The area around the bay was settled by sedentary ranchers who had trade relations with other parts of Madagascar by the 12th century at the latest. From the early 16th century onwards, East Indiamans from Portugal, the Netherlands and Great Britain headed for Saint Augustin in order to get provisions on the way to South Asia. Portuguese sailors named the bay after Saint Augustine. The people of Saint Augustin lived in small local communities and belonged to the Fihereña population.

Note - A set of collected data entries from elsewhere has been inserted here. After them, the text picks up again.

Lemma measurable_translate g :
  measurable_fun [set: borel_G G] (mul g : borel_G G -> borel_G G).
Proof.
apply: (@measurability _ _ (borel_G G) (borel_G G) setT (mul g) (@open G)) => //.
move=> _ [A oA <-]; rewrite setTI; apply: sub_sigma_algebra.
exact: (continuousP (mul g)).1 (@continuous_translate g) A oA.
Qed.

Lemma preimage_translate g (A : set G) :
  mul g @^-1` A = [set mul (inv g) x | x in A].
Proof.
have [mulA mul1 mulV _ _ _ _] := CG.
apply/seteqP; split => x /=.
  by move=> Agx; exists (mul g x) => //; rewrite mulA mulV mul1.
by move=> [y Ay <-]; rewrite mulA cg_mulgV mul1.
Qed.

Lemma Rintegral_translate g (f : G -> R) : continuous f ->
  Rintegral mu setT (fun h => f (mul g h)) = Rintegral mu setT f.
Proof.
move=> cf; rewrite /Rintegral; congr fine.
have mf : measurable_fun [set: borel_G G] (EFin \o f).
  by apply/measurable_EFinP; exact: continuous_measurable_fun.
have cfg : continuous (f \o mul g).
  by move=> x; apply: continuous_comp; [exact: continuous_translate | exact: cf].
have intfg : mu.-integrable (mul g @^-1` [set: borel_G G])
    ((EFin \o f : borel_G G -> \bar R) \o mul g).
  exact (continuous_integrable mu (cg_compact CG) cfg).
rewrite -(integral_pushforward (measurable_translate g) mf intfg measurableT).
apply: eq_measure_integral; first exact: measurable_translate.
by move=> mT A mA _ /=; rewrite /pushforward preimage_translate haar_mu.
Qed.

In 1645 , the British East India Company set up a fortified camp on the south bank of the bay to maintain the supply trade . After conflicts with the Fihereña, the settlers fled the base in 1646. From the middle of the 17th century, the Sakalava state in the east repeatedly attacked Fihereña communities and sold prisoners as slaves on European ships. From around 1690 pirates, who had been driven out of the Caribbean by the European naval powers, used Saint Augustin at times as a place of refuge.

In the early 18th century, the Sakalava rulers integrated the bay into their state and installed representatives who monopolized coastal trade. The slave trade increased as a result and reached its greatest extent in the 1820s and 1830s, but always remained of secondary importance compared to that on the north and east coast of Madagascar. In the middle of the 18th century, Saint Augustin advanced to become an important supply station for the Royal Navy in the course of the British-French colonial wars in India . In exchange for zebus , the Sakalava obtained muskets and ammunition, which they used to assert themselves against the expanding Imerina state and to carry out enslavement raids into the interior.

From 1801 at the latest until the time of the American Civil War, American whalers also regularly visited Saint Augustin to stock up on provisions. After the opening of the Suez Canal in 1869, coastal trade in Saint Augustin collapsed because much of the merchant shipping in the Indian Ocean shifted north. At the time of the colonial conquest of Madagascar by France in the 1880s and 1890s, the bay had lost its importance as a trading hub.

literature

  • Jane Hooper: Feeding Globalization: Madagascar and the Provisioning Trade, 1600-1800 . Ohio University Press, Athens 2017, ISBN 978-0-8214-2253-3 .
  • Felix Schürmann: The gray undercurrent. Whalers and coastal societies on the deep beaches of Africa (1770–1920) . Campus Verlag, Frankfurt am Main / New York City 2017, ISBN 978-3-593-50675-3 .

Individual evidence

  1. To the general history section : Felix Schürmann: The gray undercurrent. Whalers and coastal societies on the deep beaches of Africa (1770–1920) . Campus Verlag, Frankfurt am Main / New York City 2017, pp. 257–290.